- [EXERCISE]
Only lines that contain the word "Fixpoint" are to be returned from the data below.

- [RECORDS SUPPLIED]
Definition expand {L : Lang} (M : Structure L) : Structure (Lstar L) := {|
  dom := dom M;
  interp_f := fun (f : Func (Lstar L)) (a : Fin.t (farity (Lstar L) f) -> dom M) => interp_f M (f : Func L) a;
  interp_r := fun r => match r as r0 return (Fin.t (rarity (Lstar L) r0) -> dom M) -> Prop with
    | Orig _ R => fun a => interp_r M R a
    | Star _ R => fun a => ~ interp_r M R a
    | Neq _ => fun a => a Fin.F1 <> a (Fin.FS Fin.F1)
    end |}.

Definition morleyised {L : Lang} (M : Structure (Lstar L)) : Prop :=
  (forall R (a : Fin.t (rarity L R) -> M),
      interp_r M (Star L R) a <-> ~ interp_r M (Orig L R) a) /\
  (forall a : Fin.t 2 -> M, interp_r M (Neq L) a <-> a Fin.F1 <> a (Fin.FS Fin.F1)).

Lemma model_Tstar_morleyised {L : Lang} {T : theory L} {M : Structure (Lstar L)} :
  is_model (Tstar T) M -> morleyised M.
Proof.
  intros [[x] HM]; split.
  - intros R a.
    pose proof (sat_alls_prepend
      (HM _ (or_intror (or_introl (ex_intro _ R eq_refl))) (fun _ => x)) a) as H.
    cbn [sat fIff] in H; rewrite !eval_fin_vars_prepend in H. tauto.
  - intros a.
    pose proof (sat_alls_prepend (HM _ (or_intror (or_intror eq_refl)) (fun _ => x)) a) as H.
    cbn [sat fIff] in H; rewrite !eval_fin_vars_prepend in H. tauto.
Qed.

Lemma expand_morleyised {L : Lang} (M : Structure L) : morleyised (expand M).
Proof. split; simpl; tauto. Qed.

Fixpoint untr_term {L : Lang} (t : term (Lstar L)) : term L :=
  match t with
  | tvar n => tvar n
  | tapp f args => @tapp L f (fun i => untr_term (args i))
  end.

Fixpoint untr {L : Lang} (p : formula (Lstar L)) : formula L :=
  match p with
  | fTrue => fTrue
  | fFalse => fFalse
  | fEq t1 t2 => fEq (untr_term t1) (untr_term t2)
  | fRel r args =>
      (match r as r0 return (Fin.t (rarity (Lstar L) r0) -> term (Lstar L)) -> formula L with
       | Orig _ R => fun a => fRel R (fun i => untr_term (a i))
       | Star _ R => fun a => fNeg (fRel R (fun i => untr_term (a i)))
       | Neq _ => fun a => fNeg (fEq (untr_term (a Fin.F1)) (untr_term (a (Fin.FS Fin.F1))))
       end) args
  | fNeg q => fNeg (untr q)
  | fAnd q r => fAnd (untr q) (untr r)
  | fOr q r => fOr (untr q) (untr r)
  | fImp q r => fImp (untr q) (untr r)
  | fEx q => fEx (untr q)
  | fAll q => fAll (untr q)
  end.

Lemma untr_term_tr (L : Lang) : forall t : term L, untr_term (tr_term t) = t.
Proof.
  fix IH 1; intros [n|f args]; simpl; [reflexivity|].
  f_equal; apply functional_extensionality; intro i; apply IH.
Qed.

Lemma untr_tr (L : Lang) (p : formula L) : untr (tr_formula p) = p.
Proof.
  induction p; simpl; f_equal; auto using untr_term_tr.
  apply functional_extensionality; intro i; apply untr_term_tr.
Qed.

Lemma untr_exs (L : Lang) (k : nat) (p : formula (Lstar L)) : untr (exs k p) = exs k (untr p).
Proof. induction k; simpl; congruence. Qed.

Lemma untr_qfree {L : Lang} {p : formula (Lstar L)} : posqf p -> qfree (untr p).
Proof. induction 1; simpl; try constructor; auto. destruct R; simpl; repeat constructor. Qed.

Lemma eval_untr {L : Lang} (M : Structure (Lstar L)) e :
  forall t, eval (reduct M) e (untr_term t) = eval M e t.
Proof.
  fix IH 1; intros [n|f args]; simpl; [reflexivity|].
  f_equal; apply functional_extensionality; intro i; apply IH.
Qed.

Lemma sat_untr {L : Lang} {M : Structure (Lstar L)} : morleyised M ->
  forall p e, sat (reduct M) e (untr p) <-> sat M e p.
Proof.
  intros [HStar HNeq]; induction p as [| |t1 t2|r args| | | | | |]; intros e; simpl; try tauto.
  - now rewrite !eval_untr.
  - pose proof (functional_extensionality _ _ (fun i => eval_untr M e (args i))) as Hargs.
    destruct r; simpl in *; rewrite ?Hargs, ?HStar, ?HNeq, ?eval_untr; tauto.
  - now rewrite IHp.
  - now rewrite IHp1, IHp2.
  - now rewrite IHp1, IHp2.
  - now rewrite IHp1, IHp2.
  - split; intros [a Ha]; exists a; apply IHp; exact Ha.
  - split; intros H a; apply IHp; apply H.
Qed.

Lemma sat_tr_reduct {L : Lang} {M : Structure (Lstar L)} : morleyised M ->
  forall p e, sat M e (tr_formula p) <-> sat (reduct M) e p.
Proof. intros HM p e. now rewrite <- (sat_untr HM), untr_tr. Qed.

Lemma sat_tr_expand {L : Lang} (M : Structure L) :
  forall p e, sat (expand M) e (tr_formula p) <-> sat M e p.
Proof. destruct M; exact (sat_tr_reduct (expand_morleyised _)). Qed.

Lemma model_reduct {L : Lang} {T : theory L} {M : Structure (Lstar L)} :
  is_model (Tstar T) M -> is_model T (reduct M).
Proof.
  intros HM; split; [exact (proj1 HM)|].
  intros q Hq e. apply sat_tr_reduct; [exact (model_Tstar_morleyised HM)|].
  apply (proj2 HM); left; eauto.
Qed.

Lemma model_expand {L : Lang} {T : theory L} {M : Structure L} :
  is_model T M -> is_model (Tstar T) (expand M).
Proof.
  intros [Hinh HM]; split; [exact Hinh|].
  intros p [[q [Hq ->]]|[[R ->]| ->]] e.
  - apply sat_tr_expand; auto.
  - apply sat_alls_intro; intros e'; simpl; tauto.
  - simpl; tauto.
Qed.

Lemma hom_reduct_embedding {L : Lang} {A B : Structure (Lstar L)} {h : A -> B} :
  morleyised A -> morleyised B -> is_hom A B h -> is_embedding (reduct A) (reduct B) h.
Proof.
  intros [HStarA HNeqA] [HStarB HNeqB] [Hf Hr].
  split; [split|split].
  - intros f a; apply Hf.
  - intros R a; apply Hr.
  - intros x y Hxy; apply NNPP; intros Hne.
    assert (Hx : interp_r A (Neq L) (fin_pair x y)) by (apply HNeqA; exact Hne).
    apply Hr, HNeqB in Hx; contradiction.
  - intros R a HB; apply NNPP; intros HnA.
    assert (Ha : interp_r A (Star L R) a) by (apply HStarA; exact HnA).
    apply Hr, HStarB in Ha; contradiction.
Qed.

Lemma embedding_expand_hom {L : Lang} {A B : Structure L} {h : A -> B} :
  is_embedding A B h -> is_hom (expand A) (expand B) h.
Proof.
  intros [[Hf Hr] [Hinj Hrefl]]; split; [intros f a; apply Hf|].
  intros [R|R|] a; simpl.
  - apply Hr.
  - intros HnA HB; apply HnA, Hrefl, HB.
  - intros Hne Heq; apply Hne, Hinj, Heq.
Qed.

Lemma reduct_ex_closed_immersion {L : Lang} (A B : Structure (Lstar L)) (h : A -> B) :
  morleyised A -> morleyised B -> is_hom A B h -> ex_closed (reduct A) (reduct B) h ->
  is_immersion A B h.
Proof.
  intros HA HB Hh Hex; split; [exact Hh|].
  intros k p Hp e HBs.
  apply (sat_untr HA); rewrite untr_exs.
  apply Hex; [exact (untr_qfree Hp)|].
  rewrite <- untr_exs; apply (sat_untr HB), HBs.
Qed.

(* [posnnf false p] is a negation-free [L*]-form of [~ p]: negated atoms become [R*] and [=*]. *)
Fixpoint posnnf {L : Lang} (b : bool) (p : formula L) : formula (Lstar L) :=
  match p with
  | fTrue => if b then fTrue else fFalse
  | fFalse => if b then fFalse else fTrue
  | fEq t1 t2 => if b then fEq (tr_term t1) (tr_term t2)
                 else @fRel (Lstar L) (Neq L) (fin_pair (tr_term t1) (tr_term t2))
  | fRel R args => if b then @fRel (Lstar L) (Orig L R) (fun i => tr_term (args i))
                   else @fRel (Lstar L) (Star L R) (fun i => tr_term (args i))
  | fNeg q => posnnf (negb b) q
  | fAnd p q => if b then fAnd (posnnf true p) (posnnf true q) else fOr (posnnf false p) (posnnf false q)
  | fOr p q => if b then fOr (posnnf true p) (posnnf true q) else fAnd (posnnf false p) (posnnf false q)
  | fImp p q => if b then fOr (posnnf false p) (posnnf true q) else fAnd (posnnf true p) (posnnf false q)
  | _ => fTrue
  end.

Lemma posnnf_posqf {L : Lang} {p : formula L} : qfree p -> forall b, posqf (posnnf b p).
Proof. induction 1; intros []; simpl; try constructor; auto. Qed.

Lemma eval_tr_expand {L : Lang} (M : Structure L) e :
  forall t, eval (expand M) e (tr_term t) = eval M e t.
Proof.
  fix IH 1; intros [n|f args]; simpl; [reflexivity|].
  f_equal; apply functional_extensionality; intro i; apply IH.
Qed.

Lemma sat_posnnf {L : Lang} (M : Structure L) {p : formula L} : qfree p ->
  forall b e, sat (expand M) e (posnnf b p) <-> (if b then sat M e p else ~ sat M e p).
Proof.
  induction 1 as [| |t1 t2|R args|p Hp IH|p q Hp IHp Hq IHq|p q Hp IHp Hq IHq|p q Hp IHp Hq IHq];
    intros b e; destruct b; simpl; unfold fin_pair; simpl.
  all: try (pose proof (functional_extensionality _ _ (fun i => eval_tr_expand M e (args i)))
              as Hargs; rewrite Hargs).
  all: rewrite ?eval_tr_expand, ?IH, ?IHp, ?IHq; try tauto.
  all: destruct (classic (sat M e p)); try destruct (classic (sat M e q)); tauto.
Qed.

Lemma sat_exs_posnnf {L : Lang} (M : Structure L) {p : formula L} : qfree p ->
  forall k e, sat (expand M) e (exs k (posnnf true p)) <-> sat M e (exs k p).
Proof.
  intros Hp k; induction k as [|k IH]; intros e; simpl; [exact (sat_posnnf M Hp true e)|].
  split; intros [a Ha]; exists a; apply IH, Ha.
Qed.

Lemma expand_immersion_ex_closed {L : Lang} (A B : Structure L) (h : A -> B) :
  is_immersion (expand A) (expand B) h -> ex_closed A B h.
Proof.
  intros [_ Him] k p Hp e HBs.
  apply (sat_exs_posnnf A Hp), Him; [exact (posnnf_posqf Hp true)|].
  apply (sat_exs_posnnf B Hp), HBs.
Qed.

Definition atom_compl {L : Lang} (p : formula (Lstar L)) : formula (Lstar L) :=
  match p with
  | fEq t1 t2 => @fRel (Lstar L) (Neq L) (fin_pair t1 t2)
  | fRel r args =>
      (match r as r0 return (Fin.t (rarity (Lstar L) r0) -> term (Lstar L)) -> formula (Lstar L) with
       | Orig _ R => fun a => @fRel (Lstar L) (Star L R) a
       | Star _ R => fun a => @fRel (Lstar L) (Orig L R) a
       | Neq _ => fun a => fEq (a Fin.F1) (a (Fin.FS Fin.F1))
       end) args
  | _ => fTrue
  end.

Lemma atom_compl_atomic {L : Lang} {p : formula (Lstar L)} : atomic p -> atomic (atom_compl p).
Proof. intros []; simpl; [constructor|]. destruct R; simpl; constructor. Qed.

Lemma sat_atom_compl {L : Lang} {M : Structure (Lstar L)} : morleyised M ->
  forall p e, atomic p -> (sat M e (atom_compl p) <-> ~ sat M e p).
Proof.
  intros [HStar HNeq] p e []; simpl.
  - rewrite HNeq; unfold fin_pair; simpl; tauto.
  - destruct R as [R|R|]; simpl; rewrite ?HStar, ?HNeq.
    + tauto.
    + pose proof (classic (interp_r M (Orig L R) (fun i => eval M e (args i)))); tauto.
    + pose proof (classic (eval M e (args Fin.F1) = eval M e (args (Fin.FS Fin.F1)))); tauto.
Qed.

Fixpoint dnf {L : Lang} (p : formula L) : list (list (formula L)) :=
  match p with
  | fTrue => [[]]
  | fFalse => []
  | fAnd p q => flat_map (fun c1 => map (fun c2 => c1 ++ c2) (dnf q)) (dnf p)
  | fOr p q => dnf p ++ dnf q
  | _ => [[p]]
  end.

Lemma dnf_atomic {L : Lang} {p : formula L} : posqf p -> forall c, In c (dnf p) -> Forall atomic c.
Proof.
  induction 1; simpl; intros c Hc.
  - destruct Hc as [<-|[]]; constructor.
  - destruct Hc.
  - destruct Hc as [<-|[]]; repeat constructor.
  - destruct Hc as [<-|[]]; repeat constructor.
  - apply in_flat_map in Hc as [c1 [H1 Hc]].
    apply in_map_iff in Hc as [c2 [<- H2]]. apply Forall_app; auto.
  - apply in_app_iff in Hc as [Hc|Hc]; auto.
Qed.

Lemma sat_dnf {L : Lang} (M : Structure L) {p : formula L} : posqf p ->
  forall e, sat M e p <-> exists c, In c (dnf p) /\ sat M e (bigand c).
Proof.
  induction 1 as [| |t1 t2|R args|p q _ IHp _ IHq|p q _ IHp _ IHq]; intros e; simpl.
  - split; [intros _; exists []; simpl; auto | tauto].
  - split; [tauto | intros [c [[] _]]].
  - split; [intros H; exists [fEq t1 t2]; simpl; auto | intros [c [[<-|[]] Hc]]; apply Hc].
  - split; [intros H; exists [fRel R args]; simpl; auto | intros [c [[<-|[]] Hc]]; apply Hc].
  - rewrite IHp, IHq; split.
    + intros [[c1 [H1 Hs1]] [c2 [H2 Hs2]]]. exists (c1 ++ c2). split.
      * apply in_flat_map. exists c1. split; [exact H1|]. apply in_map, H2.
      * apply sat_bigand_app; auto.
    + intros [c [Hc Hs]]. apply in_flat_map in Hc as [c1 [H1 Hc]].
      apply in_map_iff in Hc as [c2 [<- H2]]. apply sat_bigand_app in Hs as [Hs1 Hs2].
      split; [exists c1 | exists c2]; auto.
  - rewrite IHp, IHq; setoid_rewrite in_app_iff; firstorder.
Qed.

Lemma sat_exs_dnf {L : Lang} (M : Structure L) {p : formula L} : posqf p ->
  forall k e, sat M e (exs k p) <-> exists c, In c (dnf p) /\ sat M e (exs k (bigand c)).
Proof.
  intros Hp k; induction k as [|k IH]; intros e; simpl; [exact (sat_dnf M Hp e)|].
  split.
  - intros [a Ha]. apply IH in Ha as [c [Hc Hs]]. exists c. split; [exact Hc|]. exists a; exact Hs.
  - intros [c [Hc [a Ha]]]. exists a. apply IH. exists c; auto.
Qed.

(* A failure of the sequent [Phi -> psi] is witnessed by the positive formula [Phi /\ psi*]. *)
Lemma immersion_geom_closed {L : Lang} (A B : Structure (Lstar L)) (h : A -> B) :
  morleyised A -> morleyised B -> is_immersion A B h -> geom_closed A B h.
Proof.
  intros HA HB [Hh Him]; split; [exact Hh|].
  intros k Phi psi HPhi Hpsi e HAs.
  set (witness := fAnd (bigand Phi) (atom_compl psi)).
  assert (Hcompl : forall (M : Structure (Lstar L)), morleyised M ->
            forall e', sat M e' witness <-> ~ sat M e' (fImp (bigand Phi) psi)).
  { intros M HM e'; simpl. rewrite (sat_atom_compl HM _ _ Hpsi).
    pose proof (classic (sat M e' (bigand Phi))); tauto. }
  apply NNPP; intros HBn.
  apply (sat_exs_iff_not_alls _ _ (Hcompl B HB)) in HBn.
  apply Him in HBn; [|constructor; [apply bigand_posqf, HPhi | destruct (atom_compl_atomic Hpsi); constructor]].
  exact (proj1 (sat_exs_iff_not_alls _ _ (Hcompl A HA) k e) HBn HAs).
Qed.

- [THE ANSWER]
Fixpoint untr_term {L : Lang} (t : term (Lstar L)) : term L :=
Fixpoint untr {L : Lang} (p : formula (Lstar L)) : formula L :=
Fixpoint posnnf {L : Lang} (b : bool) (p : formula L) : formula (Lstar L) :=
Fixpoint dnf {L : Lang} (p : formula L) : list (list (formula L)) :=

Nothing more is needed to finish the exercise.